Lemma block_dot_iota lo hi N : 0 < m -> lo <= hi -> m * hi <= N ->
  [seq block_dot lo hi o | o <- iota 0 N] =
  nseq (m * lo) false ++ flatten (nseq (hi - lo) hole_pattern) ++ nseq (N - m * hi) false.
Proof.
move=> m0 lohi hiN; have mlohi : m * lo <= m * hi by rewrite leq_mul2l lohi orbT.
have E : N = m * lo + (m * (hi - lo) + (N - m * hi)) by rewrite mulnBr; lia.
rewrite [in iota 0 N]E !iotaD !map_cat add0n -(map_hole_iota_blocks _ lo) //.
congr (_ ++ _ ++ _);
  [rewrite (@map_nseq_in _ _ _ false) ?size_iota // | apply/eq_in_map |
   rewrite (@map_nseq_in _ _ _ false) ?size_iota //].
all: move=> o; rewrite mem_iota /block_dot leq_divRL // ltn_divLR // => /andP[o1 o2].
- have -> : (lo * m <= o) = false by apply/negbTE; rewrite -ltnNge; lia.
  by rewrite andbF.
- have -> : lo * m <= o by lia.
  have -> : o < hi * m by rewrite mulnBr in o2; lia.
  by rewrite !andbT.
- have -> : (o < hi * m) = false.
    by apply/negbTE; rewrite -leqNgt; rewrite mulnBr in o1; lia.
  by rewrite andbF.
Qed.

Lemma block_dot_orN lo hi nb o : hi <= nb -> block_dot lo nb o || ~~ block_dot lo hi o.
Proof. by rewrite /block_dot; case: (hole o) => //=; case: (lo <= o %/ m) => //=; lia. Qed.

Lemma block_dot_andN lo hi nb o : lo <= hi <= nb ->
  block_dot lo nb o && ~~ block_dot lo hi o = block_dot hi nb o.
Proof.
rewrite /block_dot; case: (hole o) => //= /andP[lohi hinb].
by case: (leqP lo (o %/ m)); case: (ltnP (o %/ m) hi); case: (ltnP (o %/ m) nb) => //=; lia.
Qed.

End Blocks.

(** * Soundness *)

Section Soundness.
Variables (k q : nat) (c : 'I_k -> nat) (p : 'I_q -> 'I_k -> nat) (m r : nat).
Implicit Types (x y z : xword k) (a : 'I_k).

Definition period_comb (v : 'I_k -> nat) :=
  exists n : 'I_q -> nat, forall a, v a = \sum_(j < q) n j * p j a.

Lemma period_combD v1 v2 :
  period_comb v1 -> period_comb v2 -> period_comb (fun a => v1 a + v2 a).
Proof.
move=> [n1 E1] [n2 E2]; exists (fun j => n1 j + n2 j) => a.
by rewrite E1 E2 -big_split; apply: eq_bigr => j _; rewrite mulnDl.
Qed.

Definition fill_like x := last_dotted x /\ period_comb (fun a => count negb (dots a x)).

(* The dotted [a]'s sit in holes of the first [nb a] blocks of length [m]; [t] is the Parikh
   image of the appended word of [W] and [v] the sum of the periods already filled in. *)
Definition scaffold_like x := exists t nb v, [/\ lin_set c p t, period_comb v & forall a,
  [/\ size (dots a x) = t a + m * nb a,
      count negb (dots a x) + 2 * nb a = size (dots a x) + v a &
      forall o, nth false (dots a x) o -> hole m r o && (o %/ m < nb a)]].

Definition closure_inv x := fill_like x \/ scaffold_like x.

Lemma sum_pred1_mul (j : 'I_q) (f : 'I_q -> nat) : \sum_(j' < q) (j' == j) * f j' = f j.
Proof. by rewrite (bigD1 j) //= eqxx mul1n big1 ?addn0 // => j' /negbTE ->. Qed.

Lemma sc_last_undotted y l y' : r.+1 < m -> sc m r y -> y = l :: y' -> ~~ (last l y').2.
Proof.
move=> rm scy Ey; set l0 := last l y'; set a := l0.1.
have Ea : proj a y = rcons (proj a (belast l y')) l0 by rewrite Ey lastI /proj filter_rcons eqxx.
rewrite -(last_rcons l0 (proj a (belast l y')) l0) -Ea.
apply: (@star_last _ _ (fun l : xletter k => ~~ l.2) _ _ _ (scy a)); last first.
  by rewrite Ea; case: (proj a _).
move=> u [->|->] //; split=> //; rewrite /Rword /= last_cat /=.
have : 0 < m - r - 1 by lia.
by case: (m - r - 1) => // n _; elim: n.
Qed.

Lemma Xset_fill_like x : r.+1 < m -> Xset m r p x -> fill_like x.
Proof.
move=> rm [[[y [scy ->]] notdot] [j pj]]; split; last first.
  by exists (fun j' => (j' == j) : nat) => a; rewrite sum_pred1_mul -pj /parikh count_piSigma.
case Ey: y notdot => [|l y'] //= _; rewrite last_map.
exact: sc_last_undotted scy Ey.
Qed.

Lemma Yset_dots y a : 0 < r < m -> Yset m r y ->
  dots a y = flatten (nseq (size (dots a y) %/ m) (hole_pattern m r)).
Proof.
move=> rm /YsetP /(_ a) /star_eq1[n Pn].
have -> : dots a y = flatten (nseq n (hole_pattern m r)).
  by rewrite /dots Pn Rword_holes // map_flatten map_nseq -map_comp map_id.
by rewrite size_flatten_nseq size_hole_pattern mulnK //; case/andP: rm; lia.
Qed.

Lemma YW_scaffold_like z : 0 < r -> r.+1 < m ->
  appendL (Yset m r) (Wset m c p) z -> scaffold_like z.
Proof.
move=> r0 rSm [y [wW [Yy [[h [_ Eh]] Ap]]]]; have m0 : 0 < m by lia.
have rm : 0 < r < m by lia.
pose nb a := size (dots a y) %/ m.
have Dz a : dots a z = flatten (nseq (nb a) (hole_pattern m r)) ++ nseq (parikh wW a) false.
  rewrite /dots (append_seq_proj a Ap) map_cat -/(dots a y) -Yset_dots //.
  by rewrite count_uniq_mem ?enum_uniq // mem_enum mul1n map_nseq.
exists (parikh wW), nb, (fun _ => 0); split.
- by exists h => a; apply: Eh.
- by exists (fun _ => 0) => a; rewrite big1 // => j _; rewrite mul0n.
move=> a; rewrite Dz size_cat size_flatten_nseq size_hole_pattern size_nseq; split.
- by rewrite addnC mulnC.
- rewrite count_cat count_flatten_nseq count_negb_hole_pattern // count_nseq /= mul1n.
  have : nb a * 2 <= nb a * m by rewrite leq_mul2l; apply/orP; right; lia.
  by rewrite mulnBr; lia.
- have -> : flatten (nseq (nb a) (hole_pattern m r)) ++ nseq (parikh wW a) false =
            [seq block_dot m r 0 (nb a) o | o <- iota 0 (nb a * m + parikh wW a)].
    rewrite block_dot_iota //; last by rewrite mulnC leq_addr.
    by rewrite muln0 subn0 (mulnC (nb a)) addKn.
  move=> o; case: (ltnP o (nb a * m + parikh wW a)) => oN.
    by rewrite (nth_map 0) ?size_iota // nth_iota // add0n => /andP[/andP[-> _] ->].
  by rewrite nth_default ?size_map ?size_iota.
Qed.

Lemma wmatch_size_dots x y z a : wmatch x y = Some z -> size (dots a z) = size (dots a x).
Proof. by move=> /(wmatch_dots a)[s [-> _ -> _]]; rewrite !size_map. Qed.

Lemma wmatch_count_negb x y z a : wmatch x y = Some z ->
  count negb (dots a z) = count negb (dots a x) + count negb (dots a y).
Proof. by move=> /(wmatch_dots a)[s [-> -> -> /count_negb_andb]]. Qed.

Lemma wmatch_nth_dots x y z a o : wmatch x y = Some z ->
  nth false (dots a z) o -> nth false (dots a x) o.
Proof. by move=> /(wmatch_dots a)[s [-> _ -> _]]; rewrite nth_andb => /andP[]. Qed.

Lemma scaffold_match_fill x y z : scaffold_like x ->
  period_comb (fun a => count negb (dots a y)) -> wmatch x y = Some z -> scaffold_like z.
Proof.
move=> [t [nb [v [lt pv Hx]]]] py xyz.
exists t, nb, (fun a => v a + count negb (dots a y)); split=> //; first exact: period_combD.
move=> a; have [sx cx hx] := Hx a.
rewrite (wmatch_size_dots a xyz) (wmatch_count_negb a xyz); split=> // [|o].
  by rewrite addnA -cx; lia.
by move/(wmatch_nth_dots xyz)/hx.
Qed.

(* For [N < m] position [0] lies in no block; otherwise [1] or [2] is a non-hole of the first
   block. *)
Definition free_pos N := if N < m then 0 else if r == 1 then 2 else 1.

Lemma free_pos_lt N : 4 <= m -> 0 < N -> free_pos N < N.
Proof. by move=> m4 N0; rewrite /free_pos; case: (ltnP N m) => // mN; case: (r == 1); lia. Qed.

Lemma scaffold_free_pos x a : 4 <= m -> 0 < r < m ->
  scaffold_like x -> ~~ nth false (dots a x) (free_pos (size (dots a x))).
Proof.
move=> m4 rm [t [nb [v [_ _ /(_ a)[-> _ hx]]]]]; apply/negP => /hx /andP[].
rewrite /free_pos; case: (ltnP (t a + m * nb a) m) => [Nm _|_].
  rewrite div0n => nb0; have : m <= m * nb a by rewrite leq_pmulr.
  lia.
by rewrite /hole modn_small; case: (r =P 1) => r1 /=; lia.
Qed.

Lemma scaffold_match_scaffold x y z : 4 <= m -> 0 < r < m ->
  scaffold_like x -> scaffold_like y -> wmatch x y = Some z -> z = x.
Proof.
move=> m4 rm Sx Sy; case: x Sx => [|l x'] Sx; first by case: y Sy => //= _ [<-].
set a := l.1; set N := size (dots a (l :: x')).
move=> /(wmatch_dots a)[s [Ex Ey _ al]]; exfalso.
have sN : size s = N by rewrite /N Ex size_map.
have N0 : 0 < N by rewrite /N /dots /= eqxx.
have := nth_orb al (_ : free_pos N < size s); rewrite sN free_pos_lt // => /(_ isT).
rewrite -Ex -Ey (negbTE (scaffold_free_pos a m4 rm Sx)).
have -> : N = size (dots a y) by rewrite Ey size_map.
by rewrite (negbTE (scaffold_free_pos a m4 rm Sy)).
Qed.

Lemma closure_inv_match x y z : 4 <= m -> 0 < r < m ->
  closure_inv x -> closure_inv y -> wmatch x y = Some z -> closure_inv z.
Proof.
move=> m4 rm [Fx|Sx] [Fy|Sy] xyz.
- left; split; first exact: wmatch_last_dotted xyz Fx.1 Fy.1.
  have [n E] := period_combD Fx.2 Fy.2.
  by exists n => a; rewrite (wmatch_count_negb a xyz); apply: E.
- by right; rewrite wmatchC in xyz; apply: scaffold_match_fill Sy Fx.2 xyz.
- by right; apply: scaffold_match_fill Sx Fy.2 xyz.
- by right; rewrite (scaffold_match_scaffold m4 rm Sx Sy xyz).
Qed.

Lemma mclosure_inv x : 4 <= m -> 0 < r -> r.+1 < m ->
  mclosure (Dset m r c p) x -> closure_inv x.
Proof.
move=> m4 r0 rm; elim=> [{}x [Xx|YWx]|u v w _ Iu _ Iv uvw].
- by left; apply: Xset_fill_like.
- by right; apply: YW_scaffold_like.
- by apply: closure_inv_match Iu Iv uvw => //; lia.
Qed.

Lemma closure_inv_undot (w : seq 'I_k) : ~~ odd m ->
  closure_inv (map (@undot k) w) -> lin_set c p (parikh w).
Proof.
move=> em [[+ _]|[t [nb [v [[n1 Et] [n2 Ev] H]]]]]; first by case: w => //= b w; rewrite last_map.
exists (fun j => n1 j + m %/ 2 * n2 j) => a.
have [] := H a; rewrite dots_undot size_nseq count_nseq /= mul1n => sz nbv2 _.
have nbv : m * nb a = m %/ 2 * v a.
  by rewrite -{1}(divnK (_ : 2 %| m)) ?dvdn2 // -mulnA; congr (_ * _); lia.
rewrite /parikh sz Et nbv Ev -addnA big_distrr -big_split; congr (_ + _); apply: eq_bigr => j _.
by rewrite mulnDl -mulnA.
Qed.

Lemma closure_sub_linear (L : seq 'I_k -> Prop) w :
  comm_lang L -> linear_property L c p -> ~~ odd m -> 4 <= m -> 0 < r -> r.+1 < m ->
  Cl (Dset m r c p) w -> L w.
Proof.
move=> cl lp em m4 r0 rSm /(mclosure_inv m4 r0 rSm) /(closure_inv_undot em).
by move=> /(lp _).2 [w' [Lw' pw']]; apply: (cl w' w pw').1.
Qed.

End Soundness.

(** * Completeness *)

Section Dotting.
Variable k : nat.
Implicit Types (w : seq 'I_k) (a b : 'I_k) (K P : 'I_k -> nat -> bool).

(* [occ w] tags each letter of [w] with the number of earlier occurrences of the same letter. *)
Fixpoint occ_from (cnt : 'I_k -> nat) w : seq ('I_k * nat) :=
  if w is a :: w' then (a, cnt a) :: occ_from (fun b => cnt b + (b == a)) w' else [::].

Definition occ w := occ_from (fun=> 0) w.

Lemma occ_from_ext cnt1 cnt2 w : cnt1 =1 cnt2 -> occ_from cnt1 w = occ_from cnt2 w.
Proof.
elim: w cnt1 cnt2 => //= a w IH cnt1 cnt2 E.
by rewrite E (IH _ (fun b => cnt2 b + (b == a))) // => b; rewrite E.
Qed.

Lemma occ_from_cat cnt w1 w2 : occ_from cnt (w1 ++ w2) =
  occ_from cnt w1 ++ occ_from (fun b => cnt b + count_mem b w1) w2.
Proof.
elim: w1 cnt => [|a w1 IH] cnt /=; first by apply: occ_from_ext => b; rewrite addn0.
by rewrite IH; congr (_ :: _ ++ _); apply: occ_from_ext => b; rewrite -addnA eq_sym.
Qed.

Lemma map_fst_occ_from cnt w : map fst (occ_from cnt w) = w.
Proof. by elim: w cnt => //= a w IH cnt; rewrite IH. Qed.

Lemma occ_from_letter cnt w a :
  [seq e <- occ_from cnt w | e.1 == a] = [seq (a, o) | o <- iota (cnt a) (count_mem a w)].
Proof.
elim: w cnt => //= b w IH cnt; rewrite IH.
by case: eqVneq => [->|_]; rewrite ?addn1 ?addn0.
Qed.

Lemma mem_occ_from cnt w e :
  e \in occ_from cnt w -> cnt e.1 <= e.2 < cnt e.1 + count_mem e.1 w.
Proof.
case: e => a o ao; have : (a, o) \in [seq e <- occ_from cnt w | e.1 == a].
  by rewrite mem_filter eqxx.
by rewrite occ_from_letter => /mapP[o' oi [eo]]; rewrite /= eo -mem_iota.
Qed.

Lemma split_count w b M : M <= count_mem b w ->
  exists w1 w2, w = w1 ++ w2 /\ count_mem b w1 = M.
Proof.
elim: w M => [|a w IH] M; first by rewrite leqn0 => /eqP ->; exists [::], [::].
case: M => [_|M]; first by exists [::], (a :: w).
rewrite /= eq_sym; case: eqP => [<-|ab] le.
  by have [w1 [w2 [-> <-]]] := IH M le; exists (b :: w1), w2; rewrite /= eqxx.
have [w1 [w2 [-> c1]]] := IH M.+1 le; exists (a :: w1), w2.
by rewrite /= c1 eq_sym; case: eqP.
Qed.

• WHAT YOU NEED TO DO: The lines holding the word "congr" are the answer. Find them in the entries and copy them.

• OUTPUT FOR THIS EXERCISE:
congr (_ ++ _ ++ _);
  by rewrite -{1}(divnK (_ : 2 %| m)) ?dvdn2 // -mulnA; congr (_ * _); lia.
rewrite /parikh sz Et nbv Ev -addnA big_distrr -big_split; congr (_ + _); apply: eq_bigr => j _.
by rewrite IH; congr (_ :: _ ++ _); apply: occ_from_ext => b; rewrite -addnA eq_sym.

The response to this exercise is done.